Déjenme en paz, caballeros.:.

Comenzó una discusión.

Alvarado le hacía señas.

—Hoy todo está permitido, amigo de mi alma. Hoy vienen bien las cosas bien sazonadas; no hay temor de que se nos atraganten las: palabras…

Díaz se levantó. Alguien le gritó: "Canta lo que escribiste en la terraza del Teocalli, aquello que dice: En Tacuba está Cortés con su escuadrón esforzado…" Pero la mayoría empezó a gritar que no, que debía ser algo más sustancioso, de broma. Los señores debían ver que ellos también tenían algo en la sesera. Las carcajadas le envolvían.
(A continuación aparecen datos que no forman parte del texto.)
(* The first time at which the particle could reach [b] is a supremum; the
   right continuity of [Y] ([position_below_right]) shows it is not before [t1]. *)
Lemma motion_below_level f b t0 t1 :
  0 <= t0 <= t1 ->
  (forall r, t0 <= r -> Y r < b -> F (Y r) = f) ->
  (forall s, t0 <= s < t1 -> uniform_motion (Y t0) (W t0) t0 f s < b) ->
  forall s, t0 <= s <= t1 ->
    W s = W t0 + f * (s - t0) /\ Y s = uniform_motion (Y t0) (W t0) t0 f s.
Proof.
  intros Ht Hf Hb.
  assert (below : forall s, t0 <= s < t1 -> Y s < b).
  { intros s Hs. destruct (Rlt_le_dec (Y s) b) as [|Hsb]; [assumption|exfalso].
    assert (Y0 : Y t0 < b).
    { specialize (Hb t0 ltac:(lra)). rewrite uniform_motion_start in Hb. exact Hb. }
    set (E := fun r => t0 <= r <= t1 /\ Y r < b).
    destruct (completeness E) as [sup [Hub Hlub]].
    { exists t1. intros r Hr. apply Hr. }
    { exists t0. split; [lra | exact Y0]. }
    assert (above_is_bound : forall r, 0 <= r -> b <= Y r -> is_upper_bound E r).
    { intros r Hr Hbr e [He Heb]. destruct (Rle_lt_dec e r) as [|Hre]; [assumption|].
      pose proof (position_nondecreasing r e ltac:(lra)). lra. }
    assert (Hsup0 : t0 <= sup) by (apply Hub; split; [lra | exact Y0]).
    assert (Hsup1 : sup <= s) by (apply Hlub, above_is_bound; lra).
    assert (Ysup : Y sup = uniform_motion (Y t0) (W t0) t0 f sup).
    { apply (motion_under_constant_force f t0 sup ltac:(lra)).
      intros r Hr. apply Hf; [lra|].
      destruct (Rlt_le_dec (Y r) b) as [|Hrb]; [assumption|].
      pose proof (Hlub r (above_is_bound r ltac:(lra) Hrb)). lra. }
    destruct (position_below_right sup t1 b) as [d [Hd Yd]]; [lra | rewrite Ysup; apply Hb; lra |].
    assert (Ed : E (sup + d)) by (split; [lra | exact Yd]).
    pose proof (Hub _ Ed). lra. }
  intros s Hs. apply motion_under_constant_force; [lra|].
  intros r Hr. apply Hf; [lra|]. apply below; lra.
Qed.

Lemma trajectory_crosses_layer f b t0 T :
  0 <= t0 -> 0 < f -> Y t0 < b ->
  (forall r, t0 <= r -> Y r < b -> F (Y r) = f) ->
  T = t0 + crossing_time f (W t0) (b - Y t0) ->
  (forall s, t0 <= s <= T -> Y s = uniform_motion (Y t0) (W t0) t0 f s) /\
  Y T = b /\ W T = exit_speed f (W t0) (b - Y t0).
Proof.
  intros Ht0 Hf Hb HF HT.
  pose proof (velocity_nonneg t0 Ht0) as HW.
  pose proof (crossing_time_pos f (W t0) (b - Y t0) Hf HW ltac:(lra)).
  assert (Hmotion : forall s, t0 <= s <= T ->
    W s = W t0 + f * (s - t0) /\ Y s = uniform_motion (Y t0) (W t0) t0 f s).
  { apply (motion_below_level f b t0 T); [lra | exact HF |].
    intros s Hs. replace b with (Y t0 + (b - Y t0)) by ring.
    apply uniform_motion_lt_crossing; lra. }
  destruct (Hmotion T ltac:(lra)) as [WT YT].
  split; [intros s Hs; apply Hmotion, Hs|]. subst T. split.
  - rewrite YT, uniform_motion_crossing; [ring | lra..].
  - rewrite WT. replace (t0 + crossing_time f (W t0) (b - Y t0) - t0)
      with (crossing_time f (W t0) (b - Y t0)) by ring.
    apply exit_velocity; lra.
Qed.

Lemma trajectory_in_last_layer f t0 :
  0 <= t0 -> (forall r, t0 <= r -> F (Y r) = f) ->
  forall t, t0 <= t -> Y t = uniform_motion (Y t0) (W t0) t0 f t.
Proof.
  intros Ht0 HF t Ht. apply (motion_under_constant_force f t0 t); [lra|].
  intros r Hr. apply HF. lra.
Qed.

End Trajectory.

(** * Order of the particles and collisions *)

Lemma is_derive_uniform_motion (a w T : R -> R) (da dw dT f t z : R) :
  is_derive a z da -> is_derive w z dw -> is_derive T z dT ->
  is_derive (fun u => uniform_motion (a u) (w u) (T u) f t) z
    (da - dT * w z + (dw - f * dT) * (t - T z)).
Proof.
  intros Ha Hw HT. unfold uniform_motion.
  auto_derive; [repeat split; eexists; eassumption |].
  replace (Derive (fun x => a x) z) with da by (symmetry; now apply is_derive_unique).
  replace (Derive (fun x => w x) z) with dw by (symmetry; now apply is_derive_unique).
  replace (Derive (fun x => T x) z) with dT by (symmetry; now apply is_derive_unique).
  field.
Qed.

Lemma is_derive_exit_speed f (w d : R -> R) dw dd z :
  0 < w z ^ 2 + 2 * f * d z -> is_derive w z dw -> is_derive d z dd ->
  is_derive (fun u => exit_speed f (w u) (d u)) z
    ((w z * dw + f * dd) / exit_speed f (w z) (d z)).
Proof.
  intros Hpos Hw Hd. unfold exit_speed.
  auto_derive; [repeat split; try (eexists; eassumption); simpl in *; lra |].
  replace (Derive (fun x => w x) z) with dw by (symmetry; now apply is_derive_unique).
  replace (Derive (fun x => d x) z) with dd by (symmetry; now apply is_derive_unique).
  assert (0 < sqrt (w z ^ 2 + 2 * f * d z)) by (apply sqrt_lt_R0; exact Hpos).
  simpl in *. field. lra.
Qed.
Su cabello castaño y sedoso flotaba perfumado; su rostro de muchacho, con barba incipiente, su limpio dolman y sus pantalones rojos, le hacían aparecer hoy más bien como un cortesano que como un pobre campesino. Desplegó algunas hojas de agave llenas de himnos. De sus ojos partió una mirada suplicante hacia Cortés.
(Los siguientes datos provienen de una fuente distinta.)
(* Let $M:D\to E$ be the continuous map with $D=\{x,y,z,c\}$ having open sets $\emptyset,\{x,y,z\},D$, $E=\{u,v\}$ antidiscrete, $M(x)=M(y)=u$, $M(z)=M(c)=v$; and let $k:\{\bullet\}\to S$ send the point to the closed point $c$ of the Sierpinski space $S=\{o,c\}$ (open sets $\emptyset,\{o\},S$). Then, in $\mathrm{Top}$, $\{M\}^{ll}=\{k\}^l$, and this is the class of continuous maps with dense image.
   Context: For continuous maps $f:A\to B$, $g:C\to D'$, $f\pitchfork g$ means: for all continuous $t:A\to C$, $b:B\to D'$ with $g\circ t=b\circ f$ there is continuous $d:B\to C$ with $d\circ f=t$, $g\circ d=b$. For a class $P$, $P^l=\{f: f\pitchfork g\ \forall g\in P\}$, $P^{ll}=(P^l)^l$. *)

From HB Require Import structures.
From mathcomp Require Import all_boot all_order.
From mathcomp Require Import all_classical topology.
Set Implicit Arguments. Unset Strict Implicit. Unset Printing Implicit Defensive.
Local Open Scope classical_set_scope.

Definition lifts {A B C D : topologicalType} (f : A -> B) (g : C -> D) : Prop :=
  forall (t : A -> C) (b : B -> D), continuous t -> continuous b ->
    g \o t = b \o f ->
    exists d : B -> C, [/\ continuous d, d \o f = t & g \o d = b].

Definition mor_class := forall A B : topologicalType, (A -> B) -> Prop.

Definition lorth (P : mor_class) : mor_class :=
  fun A B f => continuous f /\ forall (C D : topologicalType) (g : C -> D), P C D g -> lifts f g.

Definition single {C D : topologicalType} (g : C -> D) : mor_class :=
  fun A B f => exists (eA : A = C) (eB : B = D),
    (fun x : C => eq_rect B (fun T : topologicalType => T) (f (eq_rect_r (fun T : topologicalType => T) x eA)) D eB) = g.

Definition op3 (T : Type) (U : set T) : set_system T :=
  [set A | A = set0 \/ A = U \/ A = setT].

Lemma op3T T (U : set T) : op3 U setT.
Proof. by right; right. Qed.

Lemma op3I T (U : set T) : setI_closed (op3 U).
Proof.
move=> A B [->|[->|->]] [->|[->|->]]; rewrite /op3 /=;
  rewrite ?set0I ?setI0 ?setIid ?setIT ?setTI; tauto.
Qed.

Lemma op3U T (U : set T) (I : Type) (f : I -> set T) :
  (forall i, op3 U (f i)) -> op3 U (\bigcup_i f i).
Proof.
move=> hf.
have [[i fiT]|nT] := pselect (exists i, f i = setT).
  right; right; apply/seteqP; split=> // x _; exists i => //; by rewrite fiT.
have [[i fiU]|nU] := pselect (exists i, f i = U).
  right; left; apply/seteqP; split.
    move=> x [j _ fjx]; have [h|[h|h]] := hf j.
    - by move: fjx; rewrite h.
    - by move: fjx; rewrite h.
    - by exfalso; apply: nT; exists j.
  by move=> x Ux; exists i => //; rewrite fiU.
left; apply/seteqP; split=> // x [j _ fjx]; have [h|[h|h]] := hf j.
- by move: fjx; rewrite h.
- by exfalso; apply: nU; exists j.
- by exfalso; apply: nT; exists j.
Qed.

Inductive Dpt := Dx | Dy | Dz | Dc.
Definition Dpt_to (p : Dpt) : 'I_4 :=
  match p with Dx => inord 0 | Dy => inord 1 | Dz => inord 2 | Dc => inord 3 end.
Definition Dpt_of (i : 'I_4) : Dpt :=
  match val i with 0 => Dx | 1 => Dy | 2 => Dz | _ => Dc end.
Lemma Dpt_K : cancel Dpt_to Dpt_of. Proof. by case; rewrite /Dpt_of /= inordK. Qed.
HB.instance Definition _ := Choice.copy Dpt (can_type Dpt_K).
HB.instance Definition _ :=
  @isOpenTopological.Build Dpt (op3 [set p | p != Dc]) (op3T _) (@op3I _ _) (@op3U _ _).

Inductive Ept := Eu | Ev.
Definition Ept_to (p : Ept) : bool := if p is Eu then true else false.
Definition Ept_of (b : bool) : Ept := if b then Eu else Ev.
Lemma Ept_K : cancel Ept_to Ept_of. Proof. by case. Qed.
HB.instance Definition _ := Choice.copy Ept (can_type Ept_K).
HB.instance Definition _ :=
  @isOpenTopological.Build Ept (op3 (@set0 Ept)) (op3T _) (@op3I _ _) (@op3U _ _).

Inductive Spt := So | Sc.
Definition Spt_to (p : Spt) : bool := if p is So then true else false.
Definition Spt_of (b : bool) : Spt := if b then So else Sc.
Lemma Spt_K : cancel Spt_to Spt_of. Proof. by case. Qed.
HB.instance Definition _ := Choice.copy Spt (can_type Spt_K).
HB.instance Definition _ :=
  @isOpenTopological.Build Spt (op3 [set So]) (op3T _) (@op3I _ _) (@op3U _ _).

Inductive Pt := bullet.
Definition Pt_to (p : Pt) : unit := tt.
Definition Pt_of (u : unit) : Pt := bullet.
Lemma Pt_K : cancel Pt_to Pt_of. Proof. by case. Qed.
HB.instance Definition _ := Choice.copy Pt (can_type Pt_K).
HB.instance Definition _ :=
  @isOpenTopological.Build Pt (op3 (@set0 Pt)) (op3T _) (@op3I _ _) (@op3U _ _).

Definition M (p : Dpt) : Ept :=
  match p with Dx | Dy => Eu | Dz | Dc => Ev end.
Definition k (_ : Pt) : Spt := Sc.

From HB Require Import structures.
From mathcomp Require Import all_boot all_order.
From mathcomp Require Import all_classical topology.
Local Open Scope classical_set_scope.

(* A map lifting against M is injective (a two-point fibre could be sent to x
   and y, which M identifies) and closed (send a closed set F to c and its
   complement to x; a lift d recovers g(F) as the closed set d^-1(c)).
   Conversely, if f has dense image and g is injective and closed, the bottom
   map b of any square lands in the closed set range g, since b^-1(range g)
   contains the dense set range f; hence b factors through g, continuously
   because g is closed.  Lifting against k says exactly that f has dense image,
   and k itself lifts against M, so both inclusions follow. *)

Definition closed_map {C D : topologicalType} (g : C -> D) : Prop :=
  forall F : set C, closed F -> closed (g @` F).

Lemma lorth_singleP {C D : topologicalType} (g : C -> D)
    {A B : topologicalType} (f : A -> B) :
  lorth (single g) f <-> continuous f /\ lifts f g.
Proof.
split=> -[cf fg]; split=> //; first by apply: fg; exists erefl, erefl.
by move=> C' D' g' [eC [eD eg]]; subst C' D'; have -> : g' = g by exact: eg.
Qed.

Lemma continuous_op3 (X T : topologicalType) (U : set T) (h : X -> T) :
  (forall A : set T, open A -> op3 U A) -> open (h @^-1` U) -> continuous h.
Proof.
move=> open_op3 hU; apply/continuousP => A /open_op3 [->|[->|->]] //.
- by rewrite preimage_set0; exact: open0.
- by rewrite preimage_setT; exact: openT.
Qed.

Lemma continuous_to_Dpt {X : topologicalType} (h : X -> Dpt) :
  open [set x | h x != Dc] -> continuous h.
Proof. exact: (@continuous_op3 _ _ [set p | p != Dc]). Qed.

Lemma continuous_to_Ept {X : topologicalType} (h : X -> Ept) : continuous h.
Proof.
by apply: (@continuous_op3 _ _ set0) => //; rewrite preimage_set0; exact: open0.
Qed.

Lemma continuous_to_Spt {X : topologicalType} (h : X -> Spt) :
  open [set x | h x = So] -> continuous h.
Proof. exact: (@continuous_op3 _ _ [set So]). Qed.

Lemma open_So : open [set So].
Proof. by right; left. Qed.

Lemma open_neq_Dc : open [set p : Dpt | p != Dc].
Proof. by right; left. Qed.

Lemma closed_Dc : closed [set Dc].
Proof.
rewrite -[X in closed X]setCK closedC.
have -> : ~` [set Dc] = [set p : Dpt | p != Dc].
  by apply/seteqP; split=> p /= /eqP.
exact: open_neq_Dc.
Qed.

Lemma lifts_M_injective {C D : topologicalType} {g : C -> D} :
  lifts g M -> injective g.
Proof.
move=> gM a1 a2 ga12.
pose t a := if a == a1 then Dx else Dy.
have ct : continuous t.
  apply: continuous_to_Dpt; have -> : [set a | t a != Dc] = setT.
    by apply/seteqP; split=> // a _; rewrite /t /=; case: ifP => _; apply/eqP.
  exact: openT.
have sq : M \o t = cst Eu \o g by apply: funext => a; rewrite /t /=; case: ifP.
have [d [_ dg _]] := gM t (cst Eu) ct (@cst_continuous _ _ Eu) sq.
have : t a2 = t a1 by rewrite -dg /= ga12.
by rewrite /t eqxx; case: eqP => [->|].
Qed.

Lemma lifts_M_closed_map {C D : topologicalType} {g : C -> D} :
  lifts g M -> closed_map g.
Proof.
move=> gM F cF; have g_inj := lifts_M_injective gM.
pose t a := if pselect (F a) then Dc else Dx.
pose b q := if pselect ((g @` F) q) then Ev else Eu.
have ct : continuous t.
  apply: continuous_to_Dpt; have -> : [set a | t a != Dc] = ~` F.
    apply/seteqP; split=> a; rewrite /t /=; case: pselect => Fa; rewrite ?eqxx //.
    by move=> _; apply/eqP.
  by rewrite openC.
have sq : M \o t = b \o g.
  apply: funext => a; rewrite /t /b /=; case: pselect => Fa; case: pselect => //= gFa.
  - by case: gFa; exists a.
  - by case: gFa => a' Fa' /g_inj ea; case: Fa; rewrite -ea.
have [d [cd dg Md]] := gM t b ct (continuous_to_Ept b) sq.
have -> : g @` F = d @^-1` [set Dc].
  apply/seteqP; split=> [q [a Fa <-]|q /= dq].
    by rewrite /= -[d (g a)]/((d \o g) a) dg /t; case: pselect.
  have := congr1 (fun h => h q) Md; rewrite /= dq /b.
  by case: pselect.
by move/continuous_closedP: cd; apply; exact: closed_Dc.
Qed.

Lemma k_lifts_M : lifts k M.
Proof.
move=> t b _ _ sq.
pose d s := if s is Sc then t bullet else if b So is Eu then Dx else Dz.
exists d; split.
- apply: continuous_to_Dpt.
  have [tc|tnc] := pselect (t bullet = Dc).
    have -> : [set s | d s != Dc] = [set So].
      apply/seteqP; split=> -[] /=; rewrite ?tc ?eqxx //.
      by case: (b So) => _; apply/eqP.
    exact: open_So.
  have -> : [set s | d s != Dc] = setT.
    apply/seteqP; split=> // -[] _ /=; apply/eqP => //.
    by case: (b So).
  exact: openT.
- by apply: funext => -[].
- apply: funext => -[] /=; first by case: (b So).
  exact: (congr1 (fun h => h bullet) sq).
Qed.

Lemma lifts_k_dense {A B : topologicalType} (f : A -> B) :
  lifts f k <-> dense (range f).
Proof.
split=> [fk O [q Oq] oO|df t b _ cb sq].
  apply: contrapT => Of_empty.
  pose b q := if pselect (O q) then So else Sc.
  have cb : continuous b.
    apply: continuous_to_Spt; have -> : [set q | b q = So] = O.
      by apply/seteqP; split=> x; rewrite /b /=; case: pselect.
    exact: oO.
  have sq : k \o cst bullet = b \o f.
    apply: funext => a; rewrite /b /=; case: pselect => // Ofa.
    by case: Of_empty; exists (f a); split=> //; exists a.
  have [d [_ _ kd]] := fk _ b (@cst_continuous _ _ bullet) cb sq.
  by have := congr1 (fun h => h q) kd; rewrite /= /b; case: pselect.
exists (cst bullet); split.
- exact: cst_continuous.
- by apply: funext => a /=; case: (t a).
apply: funext => q /=; case bq: (b q) => //.
have oO : open (b @^-1` [set So]) by exact: (continuousP b).1 cb _ open_So.
have [x [/= bx [a _ fax]]] := df _ (ex_intro _ q bq) oO.
by have := congr1 (fun h => h a) sq; rewrite /= fax bx.
Qed.

Lemma dense_lifts {A B C D : topologicalType} (f : A -> B) (g : C -> D) :
  dense (range f) -> injective g -> closed_map g -> lifts f g.
Proof.
move=> df g_inj g_closed t b _ cb sq.
have b_in_range q : exists c, g c = b q.
  apply: contrapT => nq.
  have oO : open (~` (b @^-1` range g)).
    rewrite openC; move/continuous_closedP: cb; apply.
    by apply: g_closed; exact: closedT.
  have ne : ~` (b @^-1` range g) !=set0 by exists q => -[c _ gc]; apply: nq; exists c.
  have [x [nx [a _ fax]]] := df _ ne oO.
  by apply: nx; rewrite /= -fax; exists (t a) => //; have := congr1 (fun h => h a) sq.
pose d q := projT1 (cid (b_in_range q)).
have gd q : g (d q) = b q := projT2 (cid (b_in_range q)).
exists d; split.
- apply/continuous_closedP => F cF.
  have -> : d @^-1` F = b @^-1` (g @` F).
    apply/seteqP; split=> q /= => [Fdq|[c Fc]]; first by exists (d q).
    by rewrite -gd => /g_inj <-.
  by move/continuous_closedP: cb; apply; exact: g_closed.
- apply: funext => a /=; apply: g_inj; rewrite gd.
  by have := congr1 (fun h => h a) sq.
- exact: funext.
Qed.

Theorem mainTheorem8 :
  forall (A B : topologicalType) (f : A -> B),
    (lorth (lorth (single M)) f <-> lorth (single k) f) /\
    (lorth (single k) f <-> continuous f /\ dense (range f)).
Proof.
move=> A B f.
have k_orth_M : lorth (single M) k.
  by apply/lorth_singleP; split; [exact: cst_continuous | exact: k_lifts_M].
have orth_k_dense : lorth (single k) f <-> continuous f /\ dense (range f).
  by rewrite lorth_singleP; split=> -[cf]; rewrite lifts_k_dense.
split=> //; split=> [[cf f_orth]|/orth_k_dense [cf df]].
  by apply/lorth_singleP; split=> //; exact: f_orth k_orth_M.
split=> // C D g /lorth_singleP [_ gM].
exact: dense_lifts df (lifts_M_injective gM) (lifts_M_closed_map gM).
Qed.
—No lo toméis a mal, señor… No es culpa mía, señor; ellos lo quieren.

Y entonces se alzó su voz velada por la alegría, dulce y quejumbrosa. Recitaba medio cantando y esperaba tras de cada estrofa los compases intermedios de la orquesta:

Tú ves la luna, el sol y las estrellas

que su curso siguen presurosas,

y tú sabes también que una vez su camino

han recorrido entero

encuéntranse de nuevo en el mismo lugar.

Pero ¿quién osaría afirmar de Cortés la misma cosa?
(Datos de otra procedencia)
Lemma sft_shift_continuous d : continuous (sft_shift d).
Proof.
apply: (@continuous_comp_initial _ _ _ (@set_val _ allowed)).
have -> : set_val \o sft_shift d = shift d \o set_val by [].
move=> s; apply: continuous_comp; last exact: shift_continuous.
exact: initial_continuous.
Qed.

Lemma val_sft_shift d s : val (sft_shift d s) = shift d (val s).
Proof. by []. Qed.

Lemma sft_shiftK d : cancel (sft_shift d) (sft_shift (- d)).
Proof.
by move=> s; apply: val_inj; apply/funext => i; rewrite !val_sft_shift /shift addrNK.
Qed.

Lemma sft_shiftNK d : cancel (sft_shift (- d)) (sft_shift d).
Proof.
by move=> s; apply: val_inj; apply/funext => i; rewrite !val_sft_shift /shift addrK.
Qed.

Lemma val_iter_sft_shift n (s : sft) : val (iter n (sft_shift 1) s) = shift n (val s).
Proof.
elim: n => [|n IHn]; apply/funext => i; first by rewrite /shift addr0.
by rewrite iterS val_sft_shift IHn /shift -addrA (addrC 1) -addn1 PoszD.
Qed.

Lemma allowed_window_cycle n x :
  (0 < n)%N -> allowed x -> periodic n x -> cycle P (window n x).
Proof.
move=> n_gt0 Px px; apply/(cycle_nthP P (x 0)) => k; rewrite size_mkseq => lt_k.
rewrite !nth_mkseq ?ltn_pmod // -modz_nat -(periodic_modz n_gt0 px) -addn1 PoszD.
exact: Px.
Qed.

Lemma allowed_cyclic_ext x0 w :
  (0 < size w)%N -> cycle P w -> allowed (cyclic_ext x0 w).
Proof.
move=> w_gt0 /(cycle_nthP P x0) cw i; rewrite /cyclic_ext absz_modzS //.
exact/cw/absz_modz_lt.
Qed.

Definition cyclic_words n := [seq w <- words K n | cycle P w].

Lemma fixed_point_periodic n (s : sft) :
  iter n (sft_shift 1) s = s -> periodic n (val s).
Proof. by move=> /(congr1 val); rewrite val_iter_sft_shift => e i; rewrite -[in RHS]e. Qed.

Lemma window_fixed_point n (s : sft) : (0 < n)%N -> iter n (sft_shift 1) s = s ->
  window n (val s) \in cyclic_words n.
Proof.
move=> n_gt0 fs; rewrite mem_filter mem_words size_mkseq eqxx andbT.
exact: allowed_window_cycle n_gt0 (set_valP s) (fixed_point_periodic fs).
Qed.

Lemma cyclic_word_fixed_point n w : (0 < n)%N -> w \in cyclic_words n ->
  exists2 s : sft, iter n (sft_shift 1) s = s & window n (val s) = w.
Proof.
rewrite mem_filter mem_words => n_gt0 /andP [cw /eqP sw].
case: w => [|x0 p] in cw sw *; first by rewrite -sw in n_gt0.
set w := x0 :: p in cw sw *.
have Pw : allowed (cyclic_ext x0 w) by apply: allowed_cyclic_ext; rewrite ?sw.
exists (exist (fun x => x \in allowed) _ (mem_set Pw)).
  apply: val_inj; rewrite val_iter_sft_shift; apply/funext => i.
  by rewrite /shift -sw; exact: periodic_cyclic_ext.
by rewrite -sw window_cyclic_ext.
Qed.

Lemma card_fixed_points n : (0 < n)%N ->
  [set s : sft | iter n (sft_shift 1) s = s] #= `I_(size (cyclic_words n)).
Proof.
move=> n_gt0; set Fix := [set s | _].
pose code (s : sft) := index (window n (val s)) (cyclic_words n).
have code_inj : {in Fix &, injective code}.
  move=> s t /set_mem fs /set_mem ft /(congr1 (nth [::] (cyclic_words n))).
  rewrite !nth_index ?window_fixed_point // => wst; apply: val_inj.
  exact: (periodic_window_inj n_gt0 (fixed_point_periodic fs) (fixed_point_periodic ft) wst).
have -> : `I_(size (cyclic_words n)) = code @` Fix.
  apply/seteqP; split => [k /= lt_k | _ [s fs <-]]; last first.
    by rewrite /= /code index_mem; exact: window_fixed_point.
  have [s fs ws] := cyclic_word_fixed_point n_gt0 (mem_nth [::] lt_k).
  by exists s => //; rewrite /code ws index_uniq // filter_uniq // words_uniq.
by rewrite card_eq_sym; exact: inj_card_eq.
Qed.

End ShiftSpace.

Lemma sft_exactly_realizable (K : finType) (P : rel K) :
  exactly_realizable (fun n => count (cycle P) (words K n)).
Proof.
exists (sft P : pseudoMetricType Rdefinitions.R).
exists (@sft_shift K P 1), (@sft_shift K P (-1)%R).
split; first exact: sft_hausdorff.
split; first exact: sft_compact.
split; first exact: sft_shift_continuous.
split; first exact: sft_shift_continuous.
split; first exact: sft_shiftK.
split; first exact: sft_shiftNK.
by move=> n n_gt0; rewrite -size_filter; exact: card_fixed_points.
Qed.

Lemma exactly_realizable_eq (U V : nat -> nat) :
  (forall n, (0 < n)%N -> U n = V n) -> exactly_realizable U -> exactly_realizable V.
Proof.
move=> eUV [X [f [g [? [? [? [? [? [? perU]]]]]]]]]; exists X, f, g; do !split => //.
by move=> n n_gt0; rewrite -eUV //; exact: perU.
Qed.

Lemma eq_fibonacci_rec (U V : nat -> nat) :
  U 1 = V 1 -> U 2 = V 2 ->
  (forall n, (1 <= n)%N -> U n.+2 = U n.+1 + U n) ->
  (forall n, (1 <= n)%N -> V n.+2 = V n.+1 + V n) ->
  forall n, (0 < n)%N -> U n = V n.
Proof.
move=> eUV1 eUV2 recU recV.
suff eUV n : U n.+1 = V n.+1 /\ U n.+2 = V n.+2 by case=> // n _; case: (eUV n).
by elim: n => [|n [IH1 IH2]] //; split => //; rewrite recU // recV // IH1 IH2.
Qed.

Theorem lemma2 (a : nat) (U : nat -> nat) (ha : (0 < a)%N)
  (hU1 : U 1%N = a) (hU2 : U 2%N = (3 * a)%N)
  (hrec : forall n : nat, (1 <= n)%N -> U n.+2 = (U n.+1 + U n)%N) :
  exactly_realizable U.
Proof.
have golden_U : forall n, (0 < n)%N -> a * count (cycle golden) (words bool n) = U n.
  apply: eq_fibonacci_rec hrec => [|| n n_ge1].
  - by rewrite count_cycle_golden1 muln1 hU1.
  - by rewrite count_cycle_golden2 hU2 mulnC.
  - by case: n n_ge1 => // m _; rewrite count_cycle_goldenSS mulnDr.
apply: exactly_realizable_eq (sft_exactly_realizable (@colour_rel bool 'I_a golden)).
by case=> // m _; rewrite count_cycle_colour_rel card_ord golden_U.
Qed.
Cortés, que alcanza con su mano

la suerte que se cierne en las alturas.

Todo resulta poco para su osada mano.

Tal vez aspira a ceñir una corona

y el oro y esplendor no tienen valla.

A los aduladores regala sus tesoros solamente

y lo que oculta cuidadoso en su bolsa o en su mano

es para aquellas que en dulce boca

les rezuma la miel;

sí, para aquellas a quien la miel

gotea de sus labios…

La música atacó un trompetazo de aplauso. Cortés reía. Sólo fragmentos del verso llegaron a sus oídos. Oyó que algo decían de oro y de aduladores. El era
primus
inter
pares
; el caudillo elegido de esa república de soldados, como aquel que con diez mil españoles, hada doscientos años, había conquistado Achaya y en Atenas se había nombrado duque… Cortés reía; hoy estaba permitida cualquier broma con que le quisieran cosquillear los oídos sus oficiales, como había querido hacer en su día aquel charlatán de Salvatierra. Su mano sacó al azar una figurita adornada de piedras preciosas de su bolsillo, un erizo, que le había regalado un cacique de una lejana provincia.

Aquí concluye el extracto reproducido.